== Data for processing

Lemma injection_respecting A A1 B B1 :
  A1 \subset A -> B1 \subset B -> #|A1| = #|B1| -> #|A| = #|B| ->
  exists g : T -> T, {in A &, injective g} /\
    {in A, forall x, g x \in B /\ (g x \in B1) = (x \in A1)}.
Proof.
move=> sA1A sB1B eq1 eqAB.
have [g1 [g1_inj g1B1]] := injection_into (eq_leq eq1).
have [g2 [g2_inj g2B2]] : exists g2 : T -> T,
    {in A :\: A1 &, injective g2} /\ {in A :\: A1, forall x, g2 x \in B :\: B1}.
  by apply: injection_into; rewrite !cardsDS // eq1 eqAB.
pose g x := if x \in A1 then g1 x else g2 x.
have gB x : x \in A -> g x \in B /\ (g x \in B1) = (x \in A1).
  rewrite /g; case: ifP => [xA1 _ | xA1 xA].
    by rewrite (subsetP sB1B) ?g1B1.
  have /setDP[g2B /negbTE g2B1] : g2 x \in B :\: B1 by rewrite g2B2 // inE xA1.
  by rewrite g2B g2B1.
exists g; split=> // x y xA yA gxy.
have := (gB y yA).2; rewrite -gxy (gB x xA).2 => cls.
move: gxy; rewrite /g cls; case: ifP => yA1.
  by apply: g1_inj; rewrite ?cls.
by apply: g2_inj; rewrite !inE ?cls yA1 ?xA ?yA.
Qed.

End FiniteInjections.

Section InvolutionConjugacy.
Variable T : finType.

(* Fixed points of k, and the orbit representatives of an involution k:
   the points that come first (in the enumeration of T) in their k-orbit. *)
Definition fixpoints (k : T -> T) : {set T} := [set x | k x == x].
Definition orbit_reps (k : T -> T) : {set T} :=
  [set x | enum_rank x <= enum_rank (k x)].

Lemma fixpoints_sub_reps (k : T -> T) : fixpoints k \subset orbit_reps k.
Proof. by apply/subsetP => x; rewrite !inE => /eqP ->. Qed.

Section OneInvolution.
Variable k : T -> T.
Hypothesis kK : involutive k.

Lemma partner_of_nonrep x : x \notin orbit_reps k -> k x \in orbit_reps k.
Proof. by rewrite !inE kK -ltnNge => /ltnW. Qed.

Lemma rep_pair_fixed x : x \in orbit_reps k -> k x \in orbit_reps k -> k x = x.
Proof.
rewrite !inE kK => le1 le2; apply: enum_rank_inj; apply/val_inj/eqP.
by rewrite eqn_leq le1 le2.
Qed.

(* Each 2-cycle has one representative and each fixed point is its own,
   so twice the number of representatives is #|T| + #|fixpoints k|. *)
Lemma card_orbit_reps : (#|orbit_reps k|).*2 = #|T| + #|fixpoints k|.
Proof.
have coverT : orbit_reps k :|: k @: orbit_reps k = [set: T].
  apply/setP => x; rewrite in_setT in_setU.
  have [//|xR /=] := boolP (x \in orbit_reps k).
  by apply/imsetP; exists (k x); rewrite ?kK ?partner_of_nonrep.
have meet_fix : orbit_reps k :&: k @: orbit_reps k = fixpoints k.
  apply/setP => x; rewrite in_setI [x \in fixpoints k]inE.
  apply/andP/eqP => [[xR /imsetP[y yR xE]] | kx].
    by rewrite xE kK (rep_pair_fixed yR) // -xE.
  by split; [rewrite inE kx | apply/imsetP; exists x; rewrite ?kx // inE kx].
by rewrite -addnn -{2}(card_imset _ (inv_inj kK)) -cardsUI coverT meet_fix cardsT.
Qed.

End OneInvolution.

(* Two involutions of a finite set with the same number of fixed points are
   conjugate: match their representatives, fixed points to fixed points, and
   extend to the partner of each representative. *)
Lemma involution_conj (i j : T -> T) : involutive i -> involutive j ->
  #|fixpoints i| = #|fixpoints j| -> exists s : {perm T}, forall x, s (i x) = j (s x).
Proof.
move=> iK jK eq_fix.
have eq_reps : #|orbit_reps i| = #|orbit_reps j|.
  by apply: double_inj; rewrite !card_orbit_reps // eq_fix.
have [g [g_inj gR]] :=
  injection_respecting (fixpoints_sub_reps i) (fixpoints_sub_reps j) eq_fix eq_reps.
have g_fix x : x \in orbit_reps i -> (j (g x) == g x) = (i x == x).
  by move=> /gR[_]; rewrite !inE.
pose s0 x := if x \in orbit_reps i then g x else j (g (i x)).
have s0_inj : injective s0.
  (* a representative and a non-representative never collide, since g maps
     the non-fixed representative i y to a non-fixed representative *)
  have mixed x y :
      x \in orbit_reps i -> y \notin orbit_reps i -> g x != j (g (i y)).
    move=> xR yR; apply/eqP => gxy.
    have iyR := partner_of_nonrep iK yR.
    have fix_giy : j (g (i y)) = g (i y).
      by apply: (rep_pair_fixed jK); [case: (gR _ iyR) | rewrite -gxy; case: (gR _ xR)].
    have /eqP : i (i y) == i y by rewrite -g_fix ?fix_giy.
    by rewrite iK => iy; move: yR; rewrite inE -iy leqnn.
  move=> x y; rewrite /s0.
  case: (boolP (x \in orbit_reps i)) => xR; case: (boolP (y \in orbit_reps i)) => yR.
  - exact: g_inj.
  - by move/eqP; rewrite (negbTE (mixed _ _ xR yR)).
  - by move/esym/eqP; rewrite (negbTE (mixed _ _ yR xR)).
  - move/(inv_inj jK)/g_inj => /(_ (partner_of_nonrep iK xR)).
    by move=> /(_ (partner_of_nonrep iK yR))/(inv_inj iK).
exists (perm s0_inj) => x; rewrite !permE /s0.
have [xR | xR] := boolP (x \in orbit_reps i); last by rewrite iK partner_of_nonrep ?jK.
have [ixR | ixR] := boolP (i x \in orbit_reps i); last by rewrite iK.
have ix := rep_pair_fixed iK xR ixR.
by rewrite ix; apply/esym/eqP; rewrite g_fix // ix.
Qed.
End InvolutionConjugacy.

====

Your task
Copy out each line of the material in which the word "their" turns up.

Task solution
   the points that come first (in the enumeration of T) in their k-orbit. *)
   conjugate: match their representatives, fixed points to fixed points, and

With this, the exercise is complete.